━━━ EXTRACTED INFORMATION

Theorem lemma3p3 (C : category) (cover : forall A B : ob C, hom A B -> Prop)
  (HC : descent_category cover)
  (T : sset) (HT : finite_sset T)
  (S : forall n, sx T n -> Prop) (HS : sub_sset S)
  (X Y : sobj C) (f : smorph X Y) (Hf : hypercover cover f)
  (M1 : ob C) (c : cone (allS T) X M1) (Hc : is_Map c)
  (M2 : ob C) (a : cone S X M2) (b : cone (allS T) Y M2) (Hab : is_MapRel f a b)
  (phi : hom M1 M2)
  (Hphi1 : forall n x (hs : S n x) (ht : allS T n x), ccomp (a n x hs) phi = c n x ht)
  (Hphi2 : forall n x (ht : allS T n x), ccomp (b n x ht) phi = ccomp (smap f n) (c n x ht)) :
  cover _ _ phi.
Proof.
have S_rep : representable (RelP f S) by exists M2, (MapRel_pt Hab); apply: is_MapRel_represents.
have [_ restr_cov] := covering_rel_restr_all HC Hf HT HS S_rep.
apply: (restr_cov (fun _ _ _ => I) _ _ _ _ phi (is_Map_represents Hc) (is_MapRel_represents Hab)).
apply: sig_ext; congr pair; apply: cone_ext=> n x hx /=; first exact: Hphi1.
by rewrite Hphi2; case: hx.
Qed.
(* Consider $n\ge 2$ unit-speed aircraft with positions $p_i\in\mathbb{R}^2$ and headings $\psi_i\in(-\pi,\pi]$ obeying $\dot p_i=(\cos\psi_i,\sin\psi_i)^T$, $\dot\psi_i=u_{\psi_i}$, $i\in\{1,\dots,n\}$. Let $\mathbb{G}=(\mathcal{V},\mathcal{E})$ be a connected graph on $\mathcal{V}=\{1,\dots,n\}$ with incidence matrix $B$, and assume $\mathbb{G}$ does not contain any cycles. Fix $r>0$, desired angles $z_k^*\in\mathbb{S}^1$ for $k\in\{1,\dots,|\mathcal{E}|\}$, and a gain $k_r>0$ with $r-\pi k_r\max_{i\in\mathcal{V}}|\mathcal{N}_i|>0$. Let $\theta_i=\operatorname{atan2}(p_{i,y},p_{i,x})$ be the angle of vehicle $i$ about the origin, $\theta=(\theta_1,\dots,\theta_n)^T$, $z=B^T\theta$, and let the formation error $e_\theta\in\mathbb{T}^{|\mathcal{E}|}$ have components $e_{\theta_k}=z_k-z_k^*\in\mathbb{S}^1$, represented in $(-\pi,\pi]$. Each vehicle $i$ uses the control $^iu_r=k_rB_ie_\theta$ (where $B_i$ is the $i$-th row of $B$), sets $^ic={^iu_r}^2+2r\,{^iu_r}$, and tracks the curve $^i\mathcal{C}=\{p:\varphi(p)={^ic}\}$ (equivalently the circle of radius $r+{^iu_r}$ centered at the origin), with $\varphi(p)=p_x^2+p_y^2-r^2$, by employing the guidance steering law described in the context. Assume (Assumption 1) that each vehicle $i$ is always tracking and traveling over $^i\mathcal{C}$, so that its angular velocity about the origin is $\dot\theta_i=1/(r+{^iu_r})=1/(r+k_rB_ie_\theta)$. Then the origin $e_\theta=0$ of the error dynamics is locally exponentially stable.
   Context: $\mathcal{N}_i=\{j\in\mathcal{V}:(i,j)\in\mathcal{E}\}$ is the neighbor set of vehicle $i$. Edges are ordered pairs $\mathcal{E}_k=(\mathcal{E}_k^{\text{tail}},\mathcal{E}_k^{\text{head}})$; the incidence matrix $B\in\mathbb{R}^{|\mathcal{V}|\times|\mathcal{E}|}$ has entries $b_{ik}=+1$ if $i=\mathcal{E}_k^{\text{tail}}$, $-1$ if $i=\mathcal{E}_k^{\text{head}}$, $0$ otherwise. A cycle is a path (sequence of vertices with consecutive ones adjacent) starting and ending at the same vertex; connected means any two vertices are joined by a path. $\mathbb{S}^1$ is the circle group and $\mathbb{T}^m$ the $m$-torus. Guidance law: for a curve given as a level set $\{\varphi(p)=c\}$, with error $e(p)=\varphi(p)-c$, normal $n(p)=\nabla\varphi(p)$, tangent $\tau(p)=En(p)$ with $E=\begin{bmatrix}0&1\\-1&0\end{bmatrix}$, the guidance vector field is $\dot p_d=\tau-k_e e\,n$ with $k_e>0$, and the steering input is $u_\psi=-\left(E\hat{\dot p}_d\hat{\dot p}_d^TE\left((E-k_ee)H(\varphi)\dot p-k_e n^T\dot p\, n\right)\right)^TE\frac{\dot p_d}{\|\dot p_d\|^2}+k_d\hat{\dot p}^TE\hat{\dot p}_d$ with $k_d>0$, where $H$ is the Hessian and $\hat x$ denotes $x/\|x\|$. *)

From HB Require Import structures.
From mathcomp Require Import all_boot all_order all_algebra.
From mathcomp Require Import all_classical all_reals all_analysis.
Set Implicit Arguments. Unset Strict Implicit. Unset Printing Implicit Defensive.
Import Order.TTheory GRing.Theory Num.Theory.
Local Open Scope ring_scope.
Lemma feval_fcoef_seq (X : eqType) (g : X -> R) (s : seq (R * X)) (r : seq X) :
  uniq r -> {subset map snd s <= r} ->
  feval g s = \sum_(x <- r) g x * fcoef s x.
Proof.
move=> r_uniq s_r; under eq_bigr do rewrite fcoefE /feval mulr_sumr.
rewrite exchange_big; apply: eq_big_seq => a a_s.
rewrite (bigD1_seq a.2) ?eqxx //=; last exact/s_r/map_f.
rewrite big1 => [|x]; last by rewrite eq_sym => /negPf ->; rewrite !mulr0.
by rewrite addr0 mulr1 mulrC.
Qed.

Lemma feval_fcoef (X : eqType) (g : X -> R) (s1 s2 : seq (R * X)) :
  fcoef s1 =1 fcoef s2 -> feval g s1 = feval g s2.
Proof.
move=> eq_coef; set r := undup (map snd (s1 ++ s2)).
rewrite !(@feval_fcoef_seq _ g _ r) ?undup_uniq //.
- by apply: eq_bigr => x _; rewrite eq_coef.
- by move=> x x_s2; rewrite mem_undup map_cat mem_cat x_s2 orbT.
- by move=> x x_s1; rewrite mem_undup map_cat mem_cat x_s1.
Qed.

End Pairing.

Section FormalTensors.
Variables (k : fieldType) (n : nat).

Local Notation btensor B := (word n * B * word n)%type.

Lemma feval_ncscale (h : word n -> k) c (p : nc k n) :
  feval h (ncscale c p) = c * feval h p.
Proof. by rewrite feval_map mulr_sumr; apply: eq_bigr => a _ /=; rewrite mulrA. Qed.

Lemma feval_ncmul (h : word n -> k) (p q : nc k n) :
  feval h (ncmul p q) = \sum_(a <- p) \sum_(b <- q) a.1 * b.1 * h (a.2 ++ b.2).
Proof. by rewrite feval_flatten big_map; apply: eq_bigr => a _; rewrite feval_map. Qed.

Lemma feval_sandwich (h : word n -> k) u (r : nc k n) v :
  feval h (ncmul (ncmul (ncw k u) r) (ncw k v)) = feval (fun y => h (u ++ y ++ v)) r.
Proof.
rewrite feval_ncmul; under eq_bigr do rewrite big_seq1 /= mulr1.
rewrite -/(feval (fun x => h (x ++ v)) _) feval_ncmul big_seq1.
by apply: eq_bigr => b _ /=; rewrite mul1r catA.
Qed.

Lemma feval_cdiff (h : word n -> k) i (p : nc k n) :
  feval h (cdiff i p) = feval (fun y => \sum_(j <- iota 0 (size y) | nth i y j == i)
                                         h (drop j.+1 y ++ take j y)) p.
Proof.
rewrite feval_flatten big_map; apply: eq_bigr => a _.
by rewrite feval_map big_filter mulr_sumr.
Qed.

Lemma feval_pdiff (h : word n * word n -> k) i (p : nc k n) :
  feval h (pdiff i p) = feval (fun y => \sum_(j <- iota 0 (size y) | nth i y j == i)
                                         h (take j y, drop j.+1 y)) p.
Proof.
rewrite feval_flatten big_map; apply: eq_bigr => a _.
by rewrite feval_map big_filter mulr_sumr.
Qed.

Lemma nceq_feval (p q : nc k n) h : nceq p q -> feval h p = feval h q.
Proof. exact: feval_fcoef. Qed.

Lemma feval_tscale (B : Type) (g : btensor B -> k) c (t : tns k n B) :
  feval g (tscale c t) = c * feval g t.
Proof. by rewrite feval_map mulr_sumr; apply: eq_bigr => s _ /=; rewrite mulrA. Qed.

Lemma feval_tsimp (B : Type) (g : btensor B -> k) p b q :
  feval g (@tsimp k n B p b q) = \sum_(a <- p) \sum_(c <- q) a.1 * c.1 * g (a.2, b, c.2).
Proof. by rewrite feval_flatten big_map; apply: eq_bigr => a _; rewrite feval_map. Qed.

Lemma feval_unit (B : Type) (g : btensor B -> k) b :
  feval g (@tsimp k n B (ncone k n) b (ncone k n)) = g ([::], b, [::]).
Proof. by rewrite feval_tsimp !big_seq1 /= !mul1r. Qed.

Lemma feval_comm (B : Type) (g : btensor B -> k) i b :
  feval g (@comm k n B i b) = g ([:: i], b, [::]) - g ([::], b, [:: i]).
Proof. by rewrite feval_cat feval_tscale !feval_tsimp !big_seq1 /= !mul1r mulN1r. Qed.

Lemma feval_ext (B B' : Type) (g : btensor B' -> k) (phi : B -> tns k n B') (t : tns k n B) :
  feval g (ext phi t) =
  feval (fun s => feval (fun s' => g (s.1.1 ++ s'.1.1, s'.1.2, s'.2 ++ s.2)) (phi s.1.2)) t.
Proof.
rewrite feval_flatten big_map; apply: eq_bigr => s _.
by rewrite feval_tscale /tlmul /trmul -map_comp feval_map.
Qed.

Lemma eq_feval_ext (B B' : Type) (g : btensor B' -> k) (phi psi : B -> tns k n B') t :
  (forall b g', feval g' (phi b) = feval g' (psi b)) ->
  feval g (ext phi t) = feval g (ext psi t).
Proof. by move=> eq_phi; rewrite !feval_ext; apply: eq_feval => s; rewrite eq_phi. Qed.

Lemma feval_ext_ext (B1 B2 B3 : Type) (g : btensor B3 -> k)
    (phi : B2 -> tns k n B3) (psi : B1 -> tns k n B2) (t : tns k n B1) :
  feval g (ext phi (ext psi t)) = feval g (ext (fun b => ext phi (psi b)) t).
Proof.
rewrite !feval_ext; apply: eq_feval => s; rewrite feval_ext; apply: eq_feval => s'.
by apply: eq_feval => s'' /=; rewrite !catA.
Qed.

Lemma feval_ext_unit (B B' : Type) (g : btensor B' -> k) (phi : B -> tns k n B') b :
  feval g (ext phi (tsimp (ncone k n) b (ncone k n))) = feval g (phi b).
Proof. by rewrite feval_ext feval_unit; apply: eq_feval => -[[x b'] y]; rewrite cats0. Qed.

Lemma tcoefE (B : eqType) (t : tns k n B) x : tcoef t x = feval (fun y => (y == x)%:R) t.
Proof. exact: fcoefE. Qed.

Lemma teq_feval (B : eqType) (t1 t2 : tns k n B) :
  teq t1 t2 <-> forall g, feval g t1 = feval g t2.
Proof.
split=> [eq_t g|eq_g x]; first exact: feval_fcoef.
by rewrite !tcoefE eq_g.
Qed.

Lemma eqA_feval (w : nc k n) (B : eqType) (t1 t2 : tns k n B) :
  (forall g, feval g t1 = feval g t2) -> eqA w t1 t2.
Proof.
move=> eq_g; exists [::]; apply/teq_feval => g /=.
by rewrite feval_cat feval_tscale eq_g feval_nil mulN1r subrr.
Qed.

Lemma feval_homog (p : nc k n) d (G : word n -> k) :
  homog p d -> (forall y, size y = d -> G y = 0) -> feval G p = 0.
Proof.
move=> p_homog G_d; rewrite (@feval_fcoef_seq _ _ G p (undup (map snd p))) ?undup_uniq //.
  rewrite big1 // => y _; case: (eqVneq (size y) d) => [/G_d -> | /p_homog p_y].
    by rewrite mul0r.
  by rewrite -[fcoef _ _]/(ncoef _ _) p_y mulr0.
by move=> x; rewrite mem_undup.
Qed.

End FormalTensors.

Section ShortTensors.
Variables (k : fieldType) (n : nat) (w : nc k n) (N : nat).
Hypotheses (w_homog : homog w N.+1) (N_ge2 : (2 <= N)%N).

Lemma feval_rel_homog i (h : word n -> k) :
  (forall y, size y = N -> h y = 0) -> feval h (Defs.rel w i) = 0.
Proof.
move=> h_N; rewrite /Defs.rel feval_cdiff; apply: (feval_homog w_homog) => y y_size.
rewrite big_seq_cond big1 // => j /andP [j_y _]; apply: h_N.
move: j_y; rewrite mem_iota add0n => /andP[_ j_y].
rewrite size_cat size_drop size_take j_y; lia.
Qed.

Definition short (B : Type) (g : word n * B * word n -> k) : Prop :=
  forall x b y, (2 <= size x)%N || (2 <= size y)%N -> g (x, b, y) = 0.

(* Since N >= 2, short functionals kill the kernel of T(x)F(x)T -> A(x)F(x)A. *)
Lemma feval_genK_short (B : Type) (g : word n * B * word n -> k) gen :
  short g -> feval g (genK w gen) = 0.
Proof.
move=> g_short; case: gen => [[[[[[c i] u] v] b] z] []] /=;
  rewrite feval_tscale feval_tsimp; apply/eqP; rewrite mulf_eq0; apply/orP; right.
- under eq_bigr do rewrite big_seq1 /= mulr1.
  rewrite -/(feval (fun x => g (x, b, z)) _) feval_sandwich.
  rewrite (feval_rel_homog _ _) // => y y_size.
  by apply: g_short; rewrite !size_cat y_size; apply/orP; left; lia.
- rewrite big_seq1 /=.
  under eq_bigr do rewrite mul1r.
  rewrite -/(feval (fun x => g (z, b, x)) _) feval_sandwich.
  rewrite (feval_rel_homog _ _) // => y y_size.
  by apply: g_short; rewrite !size_cat y_size; apply/orP; right; lia.
Qed.

Lemma zeroA_short (B : eqType) (t : tns k n B) (g : word n * B * word n -> k) :
  zeroA w t -> short g -> feval g t = 0.
Proof.
move=> [L /teq_feval ->] g_short; rewrite feval_flatten big_map big1 // => gen _.
exact: feval_genK_short.
Qed.

Lemma eqA_coef (B : eqType) (t1 t2 : tns k n B) x b y :
  eqA w t1 t2 -> (size x < 2)%N -> (size y < 2)%N ->
  tcoef t1 (x, b, y) = tcoef t2 (x, b, y).
Proof.
move=> t12 x_short y_short; apply/eqP; rewrite -subr_eq0; apply/eqP.
rewrite !tcoefE -mulN1r.
rewrite -feval_tscale -feval_cat; apply: zeroA_short t12 _ => x' b' y' long.
case: eqP => [[ex _ ey] | //]; move: long; rewrite ex ey.
by rewrite leqNgt x_short leqNgt y_short.
Qed.

End ShortTensors.

(* The word obtained from y by deleting its letter at position p and rotating so
   that the letters after p come first: the cyclic-derivative term of that letter. *)
Definition cut_rot (T : Type) (y : seq T) (p : nat) : seq T := drop p.+1 y ++ take p y.

Lemma rot_cut (T : Type) (x0 : T) (y : seq T) p :
  (p < size y)%N -> rot p y = nth x0 y p :: cut_rot y p.
Proof. by move=> p_y; rewrite /rot (drop_nth x0 p_y). Qed.

Lemma size_cut_rot (T : Type) (y : seq T) p :
  (p < size y)%N -> size (cut_rot y p) = (size y).-1.
Proof. by move=> p_y; rewrite size_cat size_drop size_take p_y; lia. Qed.

Lemma rot_cut_cut (T : Type) (x0 : T) (y : seq T) m p q :
  size y = m.+1 -> (p < m.+1)%N -> (q < m)%N ->
  rot ((p + q + 1) %% m.+1) y =
  nth x0 (cut_rot y p) q :: (drop q.+1 (cut_rot y p) ++ nth x0 y p :: take q (cut_rot y p)).
Proof.
move=> y_size p_m q_m.
have cut_size : size (cut_rot y p) = m by rewrite size_cut_rot y_size.
have -> : rot ((p + q + 1) %% m.+1) y = rot q.+1 (rot p y).
  rewrite rot_add_mod y_size; try lia.
  case: ifP => pq_m.
    case: (ltnP (q.+1 + p) m.+1) => pq_m'; first by rewrite modn_small; [congr rot; lia | lia].
    have -> : (q.+1 + p = m.+1)%N by lia.
    have -> : (p + q + 1 = m.+1)%N by lia.
    by rewrite modnn rot0 -y_size rot_size.
  have -> : (p + q + 1 = (q.+1 + p - m.+1) + m.+1)%N by lia.
  by rewrite modnDr modn_small //; lia.
by rewrite [rot p y](rot_cut x0) ?y_size // /rot /= (drop_nth x0) ?cut_size.
Qed.

Lemma swap_pos_subproof m (q : 'I_m) : (m - q.+1 < m)%N.
Proof. by case: q => q /=; lia. Qed.

(* The involution on pairs of cut positions exchanging the roles of the two
   deleted letters. *)
Definition swap_pos m (pq : 'I_m.+1 * 'I_m) : 'I_m.+1 * 'I_m :=
  (Ordinal (ltn_pmod (pq.1 + pq.2 + 1)%N (ltn0Sn m)), Ordinal (swap_pos_subproof pq.2)).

━━━━━━

WHAT YOU NEED TO DO –
Please, from the entries above, set down exactly the lines from the one containing "move=> [L /teq_feval" through the one containing "rewrite -feval_tscale -feval_cat;", and only those.

TASK SOLUTION –
move=> [L /teq_feval ->] g_short; rewrite feval_flatten big_map big1 // => gen _.
exact: feval_genK_short.
Qed.

Lemma eqA_coef (B : eqType) (t1 t2 : tns k n B) x b y :
  eqA w t1 t2 -> (size x < 2)%N -> (size y < 2)%N ->
  tcoef t1 (x, b, y) = tcoef t2 (x, b, y).
Proof.
move=> t12 x_short y_short; apply/eqP; rewrite -subr_eq0; apply/eqP.
rewrite !tcoefE -mulN1r.
rewrite -feval_tscale -feval_cat; apply: zeroA_short t12 _ => x' b' y' long.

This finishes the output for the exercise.